[Collected data entries]
+++

Lemma eqmodX_exp f k : f 0%N = 0 -> eqmodX k (f ^+ k) 0.
Proof.
move=> f0; elim: k => [|k IHk]; first by [].
by rewrite exprS -add1n; apply: eqmodX0M => // -[].
Qed.

End PowerSeriesRing.

(** * Evaluation and composition *)

Section Composition.
Variable K : comNzRingType.
Implicit Types (f g u w : fps K) (p q : {poly K}).

Lemma coef_trunc_poly N p i : (i < N)%N -> (fps_trunc N (fps_of_poly p))`_i = p`_i.
Proof. by move=> ltiN; rewrite coef_poly ltiN. Qed.

Lemma fps_of_poly_is_zmod_morphism : zmod_morphism (@fps_of_poly K).
Proof. by move=> p q; apply: fpsP => n; rewrite fpsB /fps_of_poly coefB. Qed.

Lemma fps_of_poly_is_monoid_morphism : monoid_morphism (@fps_of_poly K).
Proof.
split; first by apply: fpsP => n; rewrite fps1 /fps_of_poly coef1.
by move=> p q; apply: fpsP => n; rewrite fpsM /fps_of_poly coefM.
Qed.

HB.instance Definition _ := GRing.isZmodMorphism.Build {poly K} (fps K) (@fps_of_poly K)
  fps_of_poly_is_zmod_morphism.
HB.instance Definition _ := GRing.isMonoidMorphism.Build {poly K} (fps K) (@fps_of_poly K)
  fps_of_poly_is_monoid_morphism.

Definition fpsC : K -> fps K := @fps_of_poly K \o polyC.
HB.instance Definition _ := GRing.RMorphism.on fpsC.

Lemma fpsCE c n : fpsC c n = if n == 0%N then c else 0.
Proof. exact: coefC. Qed.

Lemma fpsCM c f n : (fpsC c * f) n = c * f n.
Proof.
rewrite fpsM big_ord_recl fpsCE eqxx subn0 big1 ?addr0 // => i _.
by rewrite fpsCE mul0r.
Qed.

Definition fpsX : fps K := fps_of_poly 'X.

Lemma fpsXM f n : (fpsX * f) n = if n is m.+1 then f m else 0.
Proof.
rewrite fpsM /fpsX /fps_of_poly; case: n => [|n]; first by rewrite big_ord1 coefX mul0r.
rewrite 2!big_ord_recl big1 => [|i _]; last by rewrite coefX mul0r.
by rewrite !coefX mul0r mul1r add0r addr0 subn1.
Qed.

Lemma lreg_fpsX : GRing.lreg fpsX.
Proof.
move=> f g eq_fg; apply: fpsP => n.
by have := congr1 (fun h : fps K => h n.+1) eq_fg; rewrite !fpsXM.
Qed.

Definition fps_horner (u : fps K) : {poly K} -> fps K :=
  horner_eval u \o map_poly fpsC.
HB.instance Definition _ u := GRing.isZmodMorphism.Build {poly K} (fps K)
  (fps_horner u) (rmorphB (horner_eval u \o map_poly fpsC)).
HB.instance Definition _ u := GRing.isMonoidMorphism.Build {poly K} (fps K)
  (fps_horner u) (rmorphism_monoidP (horner_eval u \o map_poly fpsC)).

Lemma fps_hornerE u p : fps_horner u p = (map_poly fpsC p).[u].
Proof. by []. Qed.

Lemma fps_hornerC u c : fps_horner u c%:P = fpsC c.
Proof. by rewrite fps_hornerE map_polyC hornerC. Qed.

Lemma fps_hornerX u : fps_horner u 'X = u.
Proof. by rewrite fps_hornerE map_polyX hornerX. Qed.

Lemma fps_horner_coef N u p : (size p <= N)%N ->
  fps_horner u p = \sum_(i < N) fpsC p`_i * u ^+ i.
Proof.
move=> le_pN; rewrite fps_hornerE (@horner_coef_wide _ N).
  by apply: eq_bigr => i _; rewrite coef_map.
exact: leq_trans (size_poly _ _) le_pN.
Qed.

Lemma fps_horner_fpsX p : fps_horner fpsX p = fps_of_poly p.
Proof.
elim/poly_ind: p => [|p c IHp]; first by rewrite !rmorph0.
by rewrite !rmorphD !rmorphM /= IHp fps_hornerX fps_hornerC.
Qed.

Lemma fps_horner_eqmodX N u p q : u 0%N = 0 ->
  (forall i, (i < N)%N -> p`_i = q`_i) -> eqmodX N (fps_horner u p) (fps_horner u q).
Proof.
move=> u0 eq_pq n ltnN; apply/eqP; rewrite -subr_eq0 -fpsB -rmorphB.
rewrite -(poly_take_drop N (p - q)).
have -> : take_poly N (p - q) = 0.
  apply/polyP => i; rewrite coef_take_poly coef0 coefB.
  by case: ifP => // /eq_pq ->; rewrite subrr.
rewrite add0r rmorphM rmorphXn /= fps_hornerX.
by rewrite (eqmodXMr _ (eqmodX_exp (k := N) u0) ltnN).
Qed.

(* The constant term of [u] is discarded, so that [fps_comp u] is a ring
   morphism for every [u]. *)
Definition fps_comp (u f : fps K) : fps K :=
  fun n => fps_horner (u - fpsC (u 0%N)) (fps_trunc n.+1 f) n.

Lemma fps_compE N u f n : (n < N)%N ->
  fps_comp u f n = fps_horner (u - fpsC (u 0%N)) (fps_trunc N f) n.
Proof.
move=> ltnN; apply: (@fps_horner_eqmodX n.+1) => //.
  by rewrite fpsB fpsCE subrr.
by move=> i ltin; rewrite !coef_poly ltin (leq_trans ltin ltnN).
Qed.

Lemma fps_comp_is_zmod_morphism u : zmod_morphism (fps_comp u).
Proof. by move=> f g; apply: fpsP => n; rewrite fpsB /fps_comp fps_truncB rmorphB. Qed.

Lemma fps_comp_is_monoid_morphism u : monoid_morphism (fps_comp u).
Proof.
split; first by apply: fpsP => n; rewrite /fps_comp fps_trunc1 // rmorph1.
move=> f g; apply: fpsP => n; rewrite /fps_comp.
rewrite (@fps_horner_eqmodX n.+1 _ _ (fps_trunc n.+1 f * fps_trunc n.+1 g)) //.
- rewrite rmorphM; apply: eqmodXM (ltnSn n) => m ltmn; exact/esym/fps_compE.
- by rewrite fpsB fpsCE subrr.
- by move=> i ltin; rewrite coef_trunc_mul.
Qed.

HB.instance Definition _ u := GRing.isZmodMorphism.Build (fps K) (fps K) (fps_comp u)
  (fps_comp_is_zmod_morphism u).
HB.instance Definition _ u := GRing.isMonoidMorphism.Build (fps K) (fps K) (fps_comp u)
  (fps_comp_is_monoid_morphism u).

Lemma fps_comp_poly u p : u 0%N = 0 -> fps_comp u (fps_of_poly p) = fps_horner u p.
Proof.
move=> u0; apply: fpsP => n; rewrite /fps_comp u0 rmorph0 subr0.
by apply: (@fps_horner_eqmodX n.+1) => // i ltin; rewrite coef_trunc_poly.
Qed.

Lemma fps_compX u : u 0%N = 0 -> fps_comp u fpsX = u.
Proof. by move=> u0; rewrite fps_comp_poly // fps_hornerX. Qed.

Lemma fps_compC u c : fps_comp u (fpsC c) = fpsC c.
Proof.
apply: fpsP => n; rewrite /fps_comp (@fps_horner_eqmodX n.+1 _ _ c%:P) ?fps_hornerC //.
  by rewrite fpsB fpsCE subrr.
by move=> i ltin; rewrite coef_poly ltin.
Qed.

Lemma fps_exp_diag u k : u 0%N = 0 -> (u ^+ k) k = u 1%N ^+ k.
Proof.
move=> u0; elim: k => [|k IHk]; first by rewrite expr0 fps1.
rewrite exprS fpsM big_ord_recl u0 mul0r add0r big_ord_recl /= subSS subn0 IHk.
rewrite big1 ?addr0 -?exprS // => -[i ltik] _ /=.
by rewrite (eqmodX_exp (k := k) u0) ?mulr0 //; rewrite /bump /=; lia.
Qed.

Lemma fps_comp_coef u f n :
  fps_comp u f n = \sum_(i < n.+1) f i * ((u - fpsC (u 0%N)) ^+ i) n.
Proof.
rewrite /fps_comp (@fps_horner_coef n.+1) ?size_poly // fps_sum.
by apply: eq_bigr => i _; rewrite fpsCM coef_poly ltn_ord.
Qed.

Lemma fps_comp_eq0 u f : u 0%N = 0 -> GRing.lreg (u 1%N) -> fps_comp u f = 0 -> f = 0.
Proof.
move=> u0 reg_u1 comp_f0; apply: fpsP => n; rewrite fps0; elim/ltn_ind: n => n IHn.
have := congr1 (fun g : fps K => g n) comp_f0.
rewrite fps_comp_coef u0 rmorph0 subr0 big_ord_recr big1 /= => [|i _]; last first.
  by rewrite IHn ?mul0r.
rewrite add0r fps_exp_diag // fps0 => /eqP.
by rewrite mulrC mulrI_eq0; [move/eqP | exact: lregX].
Qed.

Definition fps_geom : fps K := fun=> 1.

Lemma fps_geomE : (1 - fpsX) * fps_geom = 1.
Proof.
apply: fpsP => n; rewrite mulrBl mul1r fpsB fpsXM fps1.
by case: n => [|n]; rewrite /fps_geom ?subr0 ?subrr.
Qed.

Definition fps_inv1B w := fps_comp w fps_geom.

Lemma fps_inv1BE w : w 0%N = 0 -> (1 - w) * fps_inv1B w = 1.
Proof.
move=> w0; rewrite -[w in 1 - w](fps_compX w0) -(rmorph1 (fps_comp w)).
by rewrite -rmorphB -rmorphM fps_geomE rmorph1.
Qed.

Lemma fps_inv1B0 w : fps_inv1B w 0%N = 1.
Proof. by rewrite /fps_inv1B fps_comp_coef big_ord1 expr0 fps1 mulr1. Qed.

+++

DIRECTIONS.
Could you reproduce, exactly, every line above from the line with "(fps_horner u) (rmorphB" to the line with "Proof. by []. Qed.", and no other line? Both ends count.

RESPONSE.
  (fps_horner u) (rmorphB (horner_eval u \o map_poly fpsC)).
HB.instance Definition _ u := GRing.isMonoidMorphism.Build {poly K} (fps K)
  (fps_horner u) (rmorphism_monoidP (horner_eval u \o map_poly fpsC)).

Lemma fps_hornerE u p : fps_horner u p = (map_poly fpsC p).[u].
Proof. by []. Qed.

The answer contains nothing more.